**WHAT THIS TASK INVOLVES:**
Please repeat the lines below exactly. Begin with the line containing "SE(3).$$ Then $U_0\cup" and go on through the line containing "else if (val i == 2%N) && (val j == 0%N)".

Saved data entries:
(* Let $V$ be a finite set of INF sentences over a vocabulary $\Sigma$ and let $\tilde I$ be a four-valued $\Sigma$-structure with domain $D$. Then $\mathrm{tf}(\lim_{O(V)}(\tilde I)) = \mathrm{glb}_{\le_t}\{M \mid M \text{ a two-valued } \mathrm{tf}(\Sigma)\text{-structure with domain } D,\ M\models\Delta_V,\ \mathrm{tf}(\tilde I)\le_t M\}$, where $O(V)=\{O_\varphi\mid\varphi\in V\}$.
   Context: Vocabularies are finite sets of predicate symbols (equality interpreted as identity). Truth values $\mathbf{t},\mathbf{f},\mathbf{u},\mathbf{i}$; inverse swaps $\mathbf{t},\mathbf{f}$ and fixes $\mathbf{u},\mathbf{i}$. Truth order $\le_t$: $\mathbf{f}\le_t\mathbf{u}\le_t\mathbf{t}$, $\mathbf{f}\le_t\mathbf{i}\le_t\mathbf{t}$. Precision order $\le_p$: $\mathbf{u}\le_p\mathbf{t}\le_p\mathbf{i}$, $\mathbf{u}\le_p\mathbf{f}\le_p\mathbf{i}$. A four-valued $\Sigma$-structure $\tilde I$ has domain $D$ and assigns each $P/n\in\Sigma$ a function $P^{\tilde I}:D^n\to\{\mathbf{t},\mathbf{f},\mathbf{u},\mathbf{i}\}$; two-valued structures are identified with ordinary structures. $\le_p$ on structures is pointwise. Formula values $\tilde I\theta(\varphi)$: atoms via $P^{\tilde I}$, $\neg$ by inverse, $\wedge,\forall$ by $\le_t$-glb, $\vee,\exists$ by $\le_t$-lub. For two-valued structures over the same vocabulary and domain, $M\le_t M'$ means $P^M\subseteq P^{M'}$ for every predicate, and $\mathrm{glb}_{\le_t}$ is pointwise intersection. Encoding: $\mathrm{tf}(\Sigma)=\{P^{ct}/n,P^{cf}/n\mid P/n\in\Sigma\}$; $\mathrm{tf}(\tilde I)$ is the two-valued $\mathrm{tf}(\Sigma)$-structure with domain $D$ and $(P^{ct})^{\mathrm{tf}(\tilde I)}=\{\overline{d}\mid P^{\tilde I}(\overline{d})\ge_p\mathbf{t}\}$, $(P^{cf})^{\mathrm{tf}(\tilde I)}=\{\overline{d}\mid P^{\tilde I}(\overline{d})\ge_p\mathbf{f}\}$. For formulas over $\Sigma$, $\varphi^{ct}$ and $\varphi^{cf}$ are defined by simultaneous induction: $(P(\overline{x}))^{ct}=P^{ct}(\overline{x})$, $(P(\overline{x}))^{cf}=P^{cf}(\overline{x})$; $(\neg\varphi)^{ct}=\varphi^{cf}$, $(\neg\varphi)^{cf}=\varphi^{ct}$; $(\varphi\wedge\psi)^{ct}=\varphi^{ct}\wedge\psi^{ct}$, $(\varphi\wedge\psi)^{cf}=\varphi^{cf}\vee\psi^{cf}$; $(\varphi\vee\psi)^{ct}=\varphi^{ct}\vee\psi^{ct}$, $(\varphi\vee\psi)^{cf}=\varphi^{cf}\wedge\psi^{cf}$; $(\forall x\varphi)^{ct}=\forall x\varphi^{ct}$, $(\forall x\varphi)^{cf}=\exists x\varphi^{cf}$; $(\exists x\varphi)^{ct}=\exists x\varphi^{ct}$, $(\exists x\varphi)^{cf}=\forall x\varphi^{cf}$. INF sentences: $\forall\overline{x}(\psi\supset L[\overline{x}])$ with $\psi$ having free variables among $\overline{x}$ and $L$ one of $P(\overline{x}),\neg P(\overline{x})$. INF propagator $O_\varphi$: $O_\varphi(\tilde I)$ agrees with $\tilde I$ except that for each $\overline{d}$ with $\tilde I[\overline{x}/\overline{d}](\psi)\ge_p\mathbf{t}$, $P^{O_\varphi(\tilde I)}(\overline{d})=\mathrm{lub}_{\le_p}\{\mathbf{t},P^{\tilde I}(\overline{d})\}$ (resp. with $\mathbf{f}$ if $L$ is negative). A $W$-refinement sequence from $\tilde I$ (for a set $W$ of operators) is a (possibly transfinite) sequence $\langle\tilde J_\xi\rangle_{\xi\le\alpha}$ with $\tilde J_0=\tilde I$, $\tilde J_{\xi+1}=O(\tilde J_\xi)$ for some $O\in W$, $\tilde J_\xi<_p\tilde J_{\xi+1}$, and $\le_p$-lubs at limits; stabilizing if $O(\tilde J_\alpha)=\tilde J_\alpha$ for all $O\in W$. For $W=O(V)$ all stabilizing sequences from $\tilde I$ have the same last element $\lim_{O(V)}(\tilde I)$. Rule sets: $\Delta_V=\{\forall\overline{x}\,((L[\overline{x}])^{ct}\leftarrow\psi^{ct})\mid\forall\overline{x}(\psi\supset L[\overline{x}])\in V\}$, where $(P(\overline{x}))^{ct}=P^{ct}(\overline{x})$ and $(\neg P(\overline{x}))^{ct}=P^{cf}(\overline{x})$. For a rule set $\Delta$ over $\mathrm{tf}(\Sigma)$, the operator $T_\Delta$ on two-valued $\mathrm{tf}(\Sigma)$-structures is: $\overline{d}\in Q^{T_\Delta(M)}$ iff $\overline{d}\in Q^M$ or there is a rule $\forall\overline{x}(Q(\overline{x})\leftarrow\chi)$ in $\Delta$ with $M[\overline{x}/\overline{d}]\models\chi$. $M\models\Delta$ iff $M$ is a fixpoint of $T_\Delta$. *)

From mathcomp Require Import all_boot.
From Stdlib Require Import ClassicalDescription.
From Stdlib Require List.
Set Implicit Arguments.
Unset Strict Implicit.
Unset Printing Implicit Defensive.
(* Let $\pi$ be a model with data space $Y$ and parameter space $\Theta$, $f$ a test quantity and $\phi$ a posterior family such that neither $\pi$ nor $\phi$ has ties with respect to $f$. Then $\phi$ passes continuous SBC with respect to $f$ if and only if for all $x\in[0,1]$ $$\int_Y\int_\Theta \mathbb{I}\Big[\int_\Theta \mathbb{I}[f(\theta,y)<f(\tilde\theta,y)]\,\phi(\theta\mid y)\,\mathrm{d}\theta\le x\Big]\,\pi_{\text{obs}}(y\mid\tilde\theta)\pi_{\text{prior}}(\tilde\theta)\,\mathrm{d}\tilde\theta\,\mathrm{d}y=x.$$
   Context: Model $\pi$: prior density $\pi_{\text{prior}}(\theta)$ on $\Theta$, observation density $\pi_{\text{obs}}(y\mid\theta)$ on $Y$, $\pi_{\text{marg}}(y)=\int_\Theta\pi_{\text{obs}}(y\mid\theta)\pi_{\text{prior}}(\theta)\,\mathrm{d}\theta$, $\pi_{\text{post}}(\theta\mid y)=\pi_{\text{obs}}(y\mid\theta)\pi_{\text{prior}}(\theta)/\pi_{\text{marg}}(y)$. A posterior family is $\phi:\Theta\times Y\to\mathbb{R}^+$ with $\int_\Theta\phi(\theta\mid y)\,\mathrm{d}\theta=1$ for all $y$; a test quantity is a measurable $f:\Theta\times Y\to\mathbb{R}$. $C_{\phi,f}(s\mid y)=\int_\Theta\mathbb{I}[f(\theta,y)\le s]\phi(\theta\mid y)\,\mathrm{d}\theta$, $D_{\phi,f}(s\mid y)=\int_\Theta\mathbb{I}[f(\theta,y)=s]\phi(\theta\mid y)\,\mathrm{d}\theta$, $D_f(s\mid y)=\int_\Theta\mathbb{I}[f(\theta,y)=s]\pi_{\text{post}}(\theta\mid y)\,\mathrm{d}\theta$. $\pi$ has ties w.r.t. $f$ if $D_f(f(\tilde\theta,y)\mid y)>0$ for some $y,\tilde\theta$; $\phi$ has ties w.r.t. $f$ if $D_{\phi,f}(f(\tilde\theta,y)\mid y)>0$ for some $y,\tilde\theta$. With $U\sim\mathrm{uniform}[0,1]$, $r_{\phi,f}(x\mid\tilde\theta,y)=\Pr\big(C_{\phi,f}(f(\tilde\theta,y)\mid y)-U\,D_{\phi,f}(f(\tilde\theta,y)\mid y)\le x\big)$, $q_{\phi,f}(x\mid y)=\int_\Theta\pi_{\text{post}}(\tilde\theta\mid y)r_{\phi,f}(x\mid\tilde\theta,y)\,\mathrm{d}\tilde\theta$. $\phi$ passes continuous SBC w.r.t. $f$ if $\int_Yq_{\phi,f}(x\mid y)\pi_{\text{marg}}(y)\,\mathrm{d}y=x$ for all $x\in[0,1]$. *)

From HB Require Import structures.
From mathcomp Require Import all_boot all_order all_algebra.
From mathcomp Require Import all_classical all_reals all_analysis.
Set Implicit Arguments. Unset Strict Implicit. Unset Printing Implicit Defensive.
Import Order.TTheory GRing.Theory Num.Theory.
Local Open Scope classical_set_scope.
Local Open Scope ring_scope.
Local Open Scope ereal_scope.
(* Let $R_0=\mathrm{diag}(1,1,1)$, $R_1=\mathrm{diag}(1,-1,-1)$, $R_2=\mathrm{diag}(-1,1,-1)$, $R_3=\mathrm{diag}(-1,-1,1)$, and for $j\in\{0,1,2,3\}$ let $$U_j=\{R_je^{\Lambda(\omega)}:\omega\in\mathbb{R}^3,\ \|\omega\|_2<\pi\}\subset SO(3),\qquad \mathcal{U}_j=\Big\{\begin{bmatrix}R&p\\0&1\end{bmatrix}: R\in U_j,\ p\in\mathbb{R}^3\Big\}\subset SE(3).$$ Then $U_0\cup U_1\cup U_2\cup U_3=SO(3)$ and $\mathcal{U}_0\cup\mathcal{U}_1\cup\mathcal{U}_2\cup\mathcal{U}_3=SE(3)$.
   Context: $SO(3)=\{R\in\mathbb{R}^{3\times3}:R^\top R=I,\det R=1\}$, $SE(3)=\{\begin{bmatrix}R&p\\0&1\end{bmatrix}:R\in SO(3),p\in\mathbb{R}^3\}$. For $\omega\in\mathbb{R}^3$, $\Lambda(\omega)=\begin{bmatrix}0&-\omega_3&\omega_2\\\omega_3&0&-\omega_1\\-\omega_2&\omega_1&0\end{bmatrix}$, and $e^{(\cdot)}$ is the matrix exponential. *)

From HB Require Import structures.
From mathcomp Require Import all_boot all_order all_algebra.
From mathcomp Require Import all_classical all_reals all_analysis.
Set Implicit Arguments. Unset Strict Implicit. Unset Printing Implicit Defensive.
Import Order.TTheory GRing.Theory Num.Theory.
Import numFieldNormedType.Exports.
Local Open Scope classical_set_scope.
Local Open Scope ring_scope.

Definition Lambda (R : realType) (w : 'cV[R]_3) : 'M[R]_3 :=
  \matrix_(i < 3, j < 3)
    (if (val i == 0%N) && (val j == 1%N) then - w 2%:R 0
     else if (val i == 0%N) && (val j == 2%N) then w 1%:R 0
     else if (val i == 1%N) && (val j == 0%N) then w 2%:R 0
     else if (val i == 1%N) && (val j == 2%N) then - w 0 0
     else if (val i == 2%N) && (val j == 0%N) then - w 1%:R 0
     else if (val i == 2%N) && (val j == 1%N) then w 0 0
     else 0).

Definition expmx (R : realType) (n : nat) (A : 'M[R]_n.+1) : 'M[R]_n.+1 :=
  lim (series (fun k : nat => (k`!%:R)^-1 *: A ^+ k) @ \oo).

Definition norm2 (R : realType) (w : 'cV[R]_3) : R :=
  Num.sqrt (\sum_(i < 3) w i 0 ^+ 2).

Definition SO3 (R : realType) : set 'M[R]_3 :=
  [set Q | Q^T *m Q = 1%:M /\ \det Q = 1].

Definition SE3 (R : realType) : set 'M[R]_(3 + 1) :=
  [set T | exists (Q : 'M[R]_3) (p : 'cV[R]_3),
      @SO3 R Q /\ T = block_mx Q p 0 1%:M].
Lemma cvg0_root_normc_lt1 n (M : 'M[R]_n) lam :
  (forall y : 'cV[R]_n, M ^+ k *m y @[k --> \oo] --> (0 : 'cV[R]_n)) ->
  root (char_poly (Mc M)) lam -> normc lam < 1.
Proof.
move=> M0; rewrite -eigenvalue_root_char => /eigenvalueP[v vM v0].
have [j vj0] : exists j, v 0 j != 0.
  apply/existsP; apply: contraNT v0 => /existsPn v0.
  by apply/eqP/rowP => j; rewrite mxE; apply/eqP/negPn/v0.
rewrite ltNge; apply/negP => lam1.
pose x k : 'cV[R]_n := M ^+ k *m delta_mx j 0.
pose C := \sum_i normc (v 0 i).
(* Reading the left eigenvector equation [v *m M^k = lam^k v] at column [j]. *)
have vx k : normc (v 0 j) <= C * `|x k|.
  have vMk : v *m Mc M ^+ k = lam ^+ k *: v.
    elim: k => [|k IH]; first by rewrite expr0 mulmx1 scale1r.
    by rewrite exprSr mulmxA IH -scalemxAl vM scalerA -exprSr.
  have : (v *m Mc M ^+ k) 0 j = \sum_i v 0 i * (x k i 0)%:C%C.
    by rewrite mxE; apply: eq_bigr => i _; rewrite /x -colE -rmorphXn !mxE.
  rewrite vMk mxE => /(congr1 (@Normc.normc _)); rewrite Normc.normcM normcX => vjE.
  have vj_le : normc (v 0 j) <= normc lam ^+ k * normc (v 0 j).
    by rewrite ler_peMl ?normc_ge0 ?exprn_ege1.
  apply: le_trans vj_le _; rewrite vjE mulr_suml.
  apply: le_trans (normc_sum_le _ (fun i => v 0 i * (x k i 0)%:C%C)) _.
  apply: ler_sum => i _; rewrite Normc.normcM normc_real ler_wpM2l ?normc_ge0 //.
  exact: mx_norm_entry_le.
have /cvgr0Pnorm_lt/(_ _ (normc_gt0 vj0)) : C * `|x k| @[k --> \oo] --> 0.
  by rewrite -(mulr0 C); apply: cvgMl_tmp; apply/norm_cvg0P; apply: M0.
case=> N _ /(_ N (leqnn N)) /=; rewrite ger0_norm ?mulr_ge0 ?sumr_ge0 // => [|i _].
  by rewrite ltNge vx.
exact: normc_ge0.
Qed.

Lemma spectral_radius_lt1P n (M : 'M[R]_n) :
  spectral_radius M < 1 <->
  forall y : 'cV[R]_n, M ^+ k *m y @[k --> \oo] --> (0 : 'cV[R]_n).
Proof.
split=> [M1 y|M0]; first exact: spectral_radius_lt1_cvg0.
by apply/spectral_radius_ltP => // lam; apply: cvg0_root_normc_lt1.
Qed.

End SpectralRadius.

Lemma closed_approx (R : realType) (V : normedModType R) (A : set V) (p : V) :
  closed A -> (forall e : R, 0 < e -> exists2 x, A x & `|p - x| < e) -> A p.
Proof.
move=> Acl pA; apply: Acl => B /nbhs_ballP[e /= e0 eB].
have [x Ax px] := pA e e0; exists x; split => //; apply: eB.
by rewrite -ball_normE.
Qed.

Lemma cV_bounded_cluster (R : realType) n (u : nat -> 'cV[R]_n) (B : R) :
  (forall k, `|u k| <= B) ->
  exists p, forall e : R, 0 < e -> forall N, exists2 k, (N <= k)%N & `|p - u k| < e.
Proof.
move=> uB; pose box := [set v : 'rV[R]_n | forall i, `[-B, B] (v ord0 i)].
have box_compact : compact box.
  by apply: (@rV_compact _ _ (fun=> `[-B, B])) => i; apply: segment_compact.
have ut_box : ((fun k => (u k)^T) @ \oo) box.
  exists 0%N => // k _ i; rewrite /= mxE in_itv /= -ler_norml.
  exact: le_trans (mx_norm_entry_le _ _ _) (uB k).
have [q [_ q_cluster]] := box_compact _ _ ut_box.
exists q^T => e e0 N.
have uN : ((fun k => (u k)^T) @ \oo) ((fun k => (u k)^T) @` [set k | (N <= k)%N]).
  by exists N => // k /= Nk; exists k.
have [_ [[k /= Nk <-]]] := q_cluster _ _ uN (nbhsx_ballx q e e0).
by rewrite -ball_normE /= -mx_norm_trmx linearB /= trmxK; exists k.
Qed.

Section Cones.
Variables (R : realType) (n : nat) (K : set 'cV[R]_n).
Hypothesis K_cone : is_cone K.

Lemma cone0 x : K x -> K 0.
Proof. by move=> Kx; rewrite -(scale0r x); apply: K_cone. Qed.

Lemma solid_cone_span :
  is_solid K -> forall y, exists y1 y2, [/\ K y1, K y2 & y = y1 - y2].
Proof.
move=> [e /nbhs_ballP[d /= d0 dK]] y.
pose t := d / (`|y| + 1).
have t0 : 0 < t by rewrite divr_gt0 // ltr_wpDl.
exists (t^-1 *: (e + t *: y)), (t^-1 *: e); split.
- apply: K_cone; first by rewrite invr_ge0 ltW.
  apply: dK; rewrite -ball_normE /= opprD addrA subrr sub0r normrN normrZ gtr0_norm //.
  by rewrite /t mulrAC ltr_pdivrMr ?ltr_wpDl // ltr_pM2l // ltrDl.
- by apply: K_cone; [rewrite invr_ge0 ltW | apply: dK; apply: ballxx].
- by rewrite -scalerBr addrC addKr scalerA mulVf ?gt_eqF // scale1r.
Qed.

Hypothesis K_convex : is_convex K.

Lemma cone_add x y : K x -> K y -> K (x + y).
Proof.
move=> Kx Ky; have h20 : (0 : R) <= 2^-1 by rewrite invr_ge0.
have h21 : (2^-1 : R) <= 1 by rewrite invf_le1 // ler1n.
have := K_cone (ler0n _ 2) (K_convex h20 h21 Kx Ky).
have -> : (1 - 2^-1 : R) = 2^-1 by field.
by rewrite scalerDr !scalerA mulfV ?pnatr_eq0 // !scale1r.
Qed.

Lemma cone_increasing (a : nat -> 'cV[R]_n) m k :
  (forall k, K (a k.+1 - a k)) -> (m <= k)%N -> K (a k - a m).
Proof.
move=> a_incr /subnKC <-; elim: (k - m)%N => [|j IH].
  by rewrite addn0 subrr; apply: cone0 (a_incr m).
rewrite addnS -(subrK (a (m + j)%N) (a _)) -addrA.
exact: cone_add.
Qed.

Lemma K_nonneg_add (M N : 'M[R]_n) :
  K_nonneg K M -> K_nonneg K N -> K_nonneg K (M + N).
Proof.
by move=> KM KN x Kx; rewrite mulmxDl; apply: cone_add; [apply: KM | apply: KN].
Qed.

Lemma K_nonneg_mul (M N : 'M[R]_n) :
  K_nonneg K M -> K_nonneg K N -> K_nonneg K (M *m N).
Proof. by move=> KM KN x Kx; rewrite -mulmxA; apply/KM/KN. Qed.

Lemma K_nonneg_exp (M : 'M[R]_n) k : K_nonneg K M -> K_nonneg K (M ^+ k).
Proof.
move=> KM; elim: k => [|k IH]; first by move=> x Kx; rewrite expr0 mul1mx.
by rewrite exprS; apply: K_nonneg_mul.
Qed.

Lemma K_nonneg_sum (I : Type) (s : seq I) (F : I -> 'M[R]_n) :
  (forall i, K_nonneg K (F i)) -> K_nonneg K (\sum_(i <- s) F i).
Proof.
move=> KF; elim: s => [|i s IH] x Kx; first by rewrite big_nil mul0mx; apply: cone0 Kx.
by rewrite big_cons; apply: K_nonneg_add.
Qed.

End Cones.

Section ClosedPointedCones.
Variables (R : realType) (n : nat) (K : set 'cV[R]_n).
Hypotheses (K_cone : is_cone K) (K_closed : closed K) (K_pointed : is_pointed K).

Lemma closed_pointed_cone_sep :
  exists2 d : R, 0 < d & forall x z, K x -> K z -> `|x| = 1 -> d <= `|x + z|.
Proof.
(* Otherwise there are x_k, z_k in K with |x_k| = 1 and x_k + z_k -> 0, and a
   cluster point p of the x_k lies in K and in -K. *)
apply: contrapT => no_d.
have xz_ex k : exists xz : 'cV[R]_n * 'cV[R]_n,
    [/\ K xz.1, K xz.2, `|xz.1| = 1 & `|xz.1 + xz.2| < k.+1%:R^-1].
  apply: contrapT => no_xz; apply: no_d; exists k.+1%:R^-1 => // x z Kx Kz x1.
  by rewrite leNgt; apply/negP => xz_lt; apply: no_xz; exists (x, z).
have [xz xzP] := choice xz_ex.
have x1 k : `|(xz k).1| <= 1 by case: (xzP k) => _ _ ->.
have [p p_cluster] := cV_bounded_cluster x1.
have Kp : K p.
  apply: closed_approx => // e e0; have [k _ pk] := p_cluster e e0 0%N.
  by exists (xz k).1 => //; case: (xzP k).
have Knp : K (- p).
  apply: closed_approx => // e e0; have e20 : 0 < e / 2 by rewrite divr_gt0.
  have [N NE] : exists N : nat, 2 / e < N%:R.
    by exists (Num.Def.archi_bound (2 / e)); apply: archi_boundP; rewrite ltW // divr_gt0.
  have [k Nk pk] := p_cluster _ e20 N; case: (xzP k) => _ Kz _ xz_small.
  exists (xz k).2 => //.
  have -> : - p - (xz k).2 = ((xz k).1 - p) - ((xz k).1 + (xz k).2).
    by rewrite opprD addrA [(xz k).1 - p]addrC addrK.
  apply: le_lt_trans (ler_normB _ _) _; rewrite distrC.
  suff kE : k.+1%:R^-1 <= e / 2.
    by apply: lt_le_trans (ltrD pk (lt_le_trans xz_small kE)) _; rewrite -splitr.
  rewrite -[e / 2]invf_div lef_pV2 ?posrE ?divr_gt0 //.
  by apply: le_trans (ltW NE) _; rewrite ler_nat leqW.
have [k _] := p_cluster 1 ltr01 0%N.
by rewrite (K_pointed Kp Knp) sub0r normrN; case: (xzP k) => _ _ ->; rewrite ltxx.
Qed.

Lemma closed_pointed_cone_normal :
  exists2 C : R, 0 < C & forall x y, K x -> K (y - x) -> `|x| <= C * `|y|.
Proof.
have [d d0 dK] := closed_pointed_cone_sep.
exists d^-1; first by rewrite invr_gt0.
move=> x y Kx Kyx.
have [->|x0] := eqVneq x 0.
  by rewrite normr0 mulr_ge0 // invr_ge0 ltW.
have nx0 : 0 < `|x| by rewrite normr_gt0.
have nx0' : 0 <= `|x|^-1 by rewrite invr_ge0 ltW.
have := dK (`|x|^-1 *: x) (`|x|^-1 *: (y - x)) (K_cone nx0' Kx) (K_cone nx0' Kyx).
rewrite -scalerDr [x + _]addrC subrK !normrZ ger0_norm // mulVf ?gt_eqF //.
by move=> /(_ erefl); rewrite !ler_pdivlMl // mulrC.
Qed.

Hypothesis K_convex : is_convex K.

Lemma cone_monotone_cvg (a : nat -> 'cV[R]_n) (b : 'cV[R]_n) :
  (forall k, K (a k.+1 - a k)) -> (forall k, K (b - a k)) ->
  exists l : 'cV[R]_n, a @ \oo --> l.
Proof.
move=> a_incr a_le; have [C C0 CK] := closed_pointed_cone_normal.
have a_bdd k : `|a k| <= `|a 0%N| + C * `|b - a 0%N|.
  have -> : a k = a 0%N + (a k - a 0%N) by rewrite addrC subrK.
  apply: le_trans (ler_normD _ _) _; rewrite lerD2l; apply: CK.
    exact: (cone_increasing K_cone K_convex).
  by rewrite opprB addrA subrK.
have [p p_cluster] := cV_bounded_cluster a_bdd.
have Kpa m : K (p - a m).
  apply: closed_approx => // e e0; have [k mk pk] := p_cluster e e0 m.
  exists (a k - a m); last by rewrite opprB addrA subrK.
  exact: (cone_increasing K_cone K_convex).
have pa_le m k : (m <= k)%N -> `|p - a k| <= C * `|p - a m|.
  move=> mk; apply: CK (Kpa k) _.
  by rewrite opprB addrC addrA subrK; apply: (cone_increasing K_cone K_convex).
exists p; apply/cvgrPdist_lt => e e0.
have [m _ pm] := p_cluster (e / C) (divr_gt0 e0 C0) 0%N.
exists m => // k /= mk; apply: le_lt_trans (pa_le m k mk) _.
by rewrite -ltr_pdivlMl // mulrC.
Qed.

End ClosedPointedCones.

Section GeometricSum.
Variables (T : pzRingType) (n : nat) (M : 'M[T]_n).

Lemma mulmx_1B_sum_exp m : (1 - M) *m \sum_(i < m) M ^+ i = 1 - M ^+ m.
Proof. by rewrite -opprB mulmxE mulNr -subrX1 opprB. Qed.

Lemma mulmx_sum_exp_1B m : (\sum_(i < m) M ^+ i) *m (1 - M) = 1 - M ^+ m.
Proof.
rewrite -mulmx_1B_sum_exp mulmxE; apply/commr_sym/commr_sum => i _.
apply/commr_sym/commrB; first exact: commr1.
exact/commr_sym/commrX/commr_refl.
Qed.

End GeometricSum.

Section Splittings.
Variables (R : realType) (n : nat) (K : set 'cV[R]_n).

Lemma unitmx_1B_exp (H : 'M[R]_n) s :
  spectral_radius H < 1 -> (0 < s)%N -> (1 - H ^+ s) \in unitmx.
Proof.
move=> H1 s0; rewrite unitmxE unitfE -det_tr; apply/negP => /det0P[v v0].
move=> /(congr1 trmx); rewrite trmx_mul trmxK trmx0 mulmxBl mul1mx => /eqP.
rewrite subr_eq0 => /eqP Hv; have Hsk k : H ^+ (s * k) *m v^T = v^T.
  by elim: k => [|k IH]; rewrite ?muln0 ?mul1mx // mulnS exprD -mulmxA IH -Hv.
have /cvgr0Pnorm_lt/(_ `|v^T|) := spectral_radius_lt1_cvg0 v^T H1.
rewrite mx_norm_trmx normr_gt0 => /(_ v0)[N _ /(_ (s * N)%N)].
by rewrite Hsk mx_norm_trmx ltxx => /(_ (leq_pmull N s0)).
Qed.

**RESULT OF THE EXERCISE:**
(* Let $R_0=\mathrm{diag}(1,1,1)$, $R_1=\mathrm{diag}(1,-1,-1)$, $R_2=\mathrm{diag}(-1,1,-1)$, $R_3=\mathrm{diag}(-1,-1,1)$, and for $j\in\{0,1,2,3\}$ let $$U_j=\{R_je^{\Lambda(\omega)}:\omega\in\mathbb{R}^3,\ \|\omega\|_2<\pi\}\subset SO(3),\qquad \mathcal{U}_j=\Big\{\begin{bmatrix}R&p\\0&1\end{bmatrix}: R\in U_j,\ p\in\mathbb{R}^3\Big\}\subset SE(3).$$ Then $U_0\cup U_1\cup U_2\cup U_3=SO(3)$ and $\mathcal{U}_0\cup\mathcal{U}_1\cup\mathcal{U}_2\cup\mathcal{U}_3=SE(3)$.
   Context: $SO(3)=\{R\in\mathbb{R}^{3\times3}:R^\top R=I,\det R=1\}$, $SE(3)=\{\begin{bmatrix}R&p\\0&1\end{bmatrix}:R\in SO(3),p\in\mathbb{R}^3\}$. For $\omega\in\mathbb{R}^3$, $\Lambda(\omega)=\begin{bmatrix}0&-\omega_3&\omega_2\\\omega_3&0&-\omega_1\\-\omega_2&\omega_1&0\end{bmatrix}$, and $e^{(\cdot)}$ is the matrix exponential. *)

From HB Require Import structures.
From mathcomp Require Import all_boot all_order all_algebra.
From mathcomp Require Import all_classical all_reals all_analysis.
Set Implicit Arguments. Unset Strict Implicit. Unset Printing Implicit Defensive.
Import Order.TTheory GRing.Theory Num.Theory.
Import numFieldNormedType.Exports.
Local Open Scope classical_set_scope.
Local Open Scope ring_scope.

Definition Lambda (R : realType) (w : 'cV[R]_3) : 'M[R]_3 :=
  \matrix_(i < 3, j < 3)
    (if (val i == 0%N) && (val j == 1%N) then - w 2%:R 0
     else if (val i == 0%N) && (val j == 2%N) then w 1%:R 0
     else if (val i == 1%N) && (val j == 0%N) then w 2%:R 0
     else if (val i == 1%N) && (val j == 2%N) then - w 0 0
     else if (val i == 2%N) && (val j == 0%N) then - w 1%:R 0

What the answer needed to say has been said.